Como o TC fez questão de referir, estes conceitos convocam diferentes perspetivas sobre o caminho que queremos seguir no tema da eutanásia: se exigimos que haja uma doença fatal ou em fase terminal (como ocorre no Canadá, na Colômbia e em alguns estados federados dos Estados Unidos da América), ou, pelo contrário, admitimos que doentes que não estejam nessa situação recorram também à morte medicamente assistida (seguindo os exemplos dos Países Baixos, Bélgica, Luxemburgo ou, mais recentemente, da Espanha).



Parece-me que haverá uma nova aprovação na próxima legislatura, mesmo que com uma mudança na configuração da AR. Espero é que os partidos tenham a capacidade de definir um rumo, explicá-lo aos portugueses na campanha e segui-lo de forma coerente, evitando ziguezagues, para que uma lei da eutanásia possa ser aprovada sem levantar interpretações dúbias.

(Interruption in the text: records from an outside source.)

(* Let $C=L_1;\ldots;L_d$ be a sorting network of depth $d\ge2$ on $n$ channels containing no redundant comparators. Then every comparator $(i,j)\in L_{d-1}$ satisfies $j-i\le3$. Furthermore, if $j=i+2$ then $(i,i+1)\in L_d$ or $(i+1,i+2)\in L_d$; and if $j=i+3$ then both $(i,i+1)\in L_d$ and $(i+2,i+3)\in L_d$.
   Context: Channels are numbered $1,\ldots,n$. A comparator network of depth $d$ is a sequence $C=L_1;\ldots;L_d$ of layers; each layer is a set of comparators $(i,j)$ with $1\le i<j\le n$, each channel occurring in at most one comparator of a layer. An input $\bar x\in\{0,1\}^n$ propagates: $\bar x_0=\bar x$, and $\bar x_k$ is obtained from $\bar x_{k-1}$ by, for each $(i,j)\in L_k$, putting the minimum of the values at positions $i,j$ at position $i$ and the maximum at position $j$. The output is $C(\bar x)=\bar x_d$; $C$ is a sorting network if $C(\bar x)$ is sorted non-decreasingly for all $\bar x\in\{0,1\}^n$. A comparator $(i,j)\in L_\ell$ is redundant if for every input $\bar x$ we have $(\bar x_{\ell-1})_i\le(\bar x_{\ell-1})_j$. *)

(* Channels are 1..n as in the paper; comparators are pairs (i,j). *)
From mathcomp Require Import all_boot.
Set Implicit Arguments. Unset Strict Implicit. Unset Printing Implicit Defensive.

Definition comparator := (nat * nat)%type.
Definition layer := seq comparator.
Definition network := seq layer.

Definition valid_layer (n : nat) (L : layer) : Prop :=
  (forall c, c \in L -> 1 <= c.1 /\ c.1 < c.2 /\ c.2 <= n) /\
  uniq (flatten [seq [:: c.1; c.2] | c <- L]).

Definition valid_network (n : nat) (C : network) : Prop :=
  forall L, L \in C -> valid_layer n L.

Definition state := nat -> bool.

(* apply one comparator: min (= &&) goes to i, max (= ||) goes to j *)
Definition apply_cmp (c : comparator) (x : state) : state :=
  fun k => if k == c.1 then x c.1 && x c.2
           else if k == c.2 then x c.1 || x c.2 else x k.

(* apply a layer; since channels are disjoint, applying comparators in sequence
   is the same as applying them in parallel *)
Definition apply_layer (x : state) (L : layer) : state := foldl (fun y c => apply_cmp c y) x L.

Definition input_state (n : nat) (x : n.-tuple bool) : state :=
  fun k => nth false x k.-1.

Definition after (C : network) (k : nat) (x : state) : state := foldl apply_layer x (take k C).

Definition output (C : network) (x : state) : state := after C (size C) x.

(* layer L_l (1-based) *)
Definition layer_at (C : network) (l : nat) : layer := nth [::] C l.-1.

Definition is_sorting_network (n : nat) (C : network) : Prop :=
  forall x : n.-tuple bool, forall k, 1 <= k -> k < n ->
    output C (input_state x) k <= output C (input_state x) k.+1.

Definition redundant (n : nat) (C : network) (l : nat) (c : comparator) : Prop :=
  forall x : n.-tuple bool,
    after C l.-1 (input_state x) c.1 <= after C l.-1 (input_state x) c.2.

Definition no_redundant (n : nat) (C : network) : Prop :=
  forall l c, 1 <= l <= size C -> c \in layer_at C l -> ~ redundant n C l c.

From mathcomp Require Import all_boot zify.
Set Implicit Arguments. Unset Strict Implicit. Unset Printing Implicit Defensive.

(* Suppose that after layer [l],
   channels [p <= q] are never both 1 on inputs of weight at most [hi], and never both 0 on
   inputs of weight at least [lo], where [lo < hi]. Then a comparator [(p, q)] in layer [l+1]
   is redundant: an input leaving 1 at [p] and 0 at [q] can be moved, one bit at a time and
   by monotonicity without losing that property, to a sorted input of weight in [[lo, hi]];
   but the network fixes sorted inputs.
   In a sorting network the output has a 1 at channel [p] iff [weight y > n - p]. This makes
   every non-adjacent comparator of the last layer redundant; once the last layer consists of
   comparators [(p, p+1)], the same estimate one layer earlier bounds every comparator [(i, j)]
   of the penultimate layer by [j <= i + 1 + [(i, i+1) in L_d] + [(j-1, j) in L_d]]. *)

Implicit Types (n m k q : nat) (x y : state) (C : network).

Fixpoint weight (n : nat) (x : state) : nat :=
  if n is n'.+1 then weight n' x + x n'.+1 else 0.

Definition hamming (n : nat) (x y : state) : nat := weight n (fun k => x k (+) y k).

Definition set_state (x : state) (q : nat) (b : bool) : state :=
  fun k => if k == q then b else x k.

Definition step_state (m : nat) : state := fun k => m < k.

Lemma eq_weight n x y : (forall k, 1 <= k <= n -> x k = y k) -> weight n x = weight n y.
Proof.
elim: n => [//|n IH] e /=; rewrite IH ?e //; first lia.
by move=> k k_n; apply: e; lia.
Qed.

Lemma weight_le n x : weight n x <= n.
Proof. by elim: n => //= n IH; rewrite -addn1 leq_add // leq_b1. Qed.

Lemma leq_weight n x y : (forall k, 1 <= k <= n -> x k <= y k) -> weight n x <= weight n y.
Proof.
elim: n => [//|n IH] le /=; apply: leq_add; last by apply: le; lia.
by apply: IH => k k_n; apply: le; lia.
Qed.

Lemma weight_eq0 n x : weight n x = 0 -> forall k, 1 <= k <= n -> ~~ x k.
Proof.
elim: n => [|n IH] /=; first by move=> _ k; lia.
move/eqP; rewrite addn_eq0 eqb0 => /andP[/eqP w0 xm] k k_n.
by case: (ltngtP k n.+1) => [lt||->] //; [apply: IH; lia | lia].
Qed.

Esta técnica legislativa de usar diferentes conceitos indeterminados para um mesmo critério não costuma dar bom resultado, ainda para mais numa matéria tão sensível como esta. Sendo tendencialmente a favor da despenalização da eutanásia, não alinho pela sua concretização a todo o custo. É preferível uma lei que demore mais tempo, mas seja coerente e percetível, a uma que seja demasiado ambígua, correndo-se o risco de interpretações demasiado restritivas ou amplas, fugindo-se do seu propósito.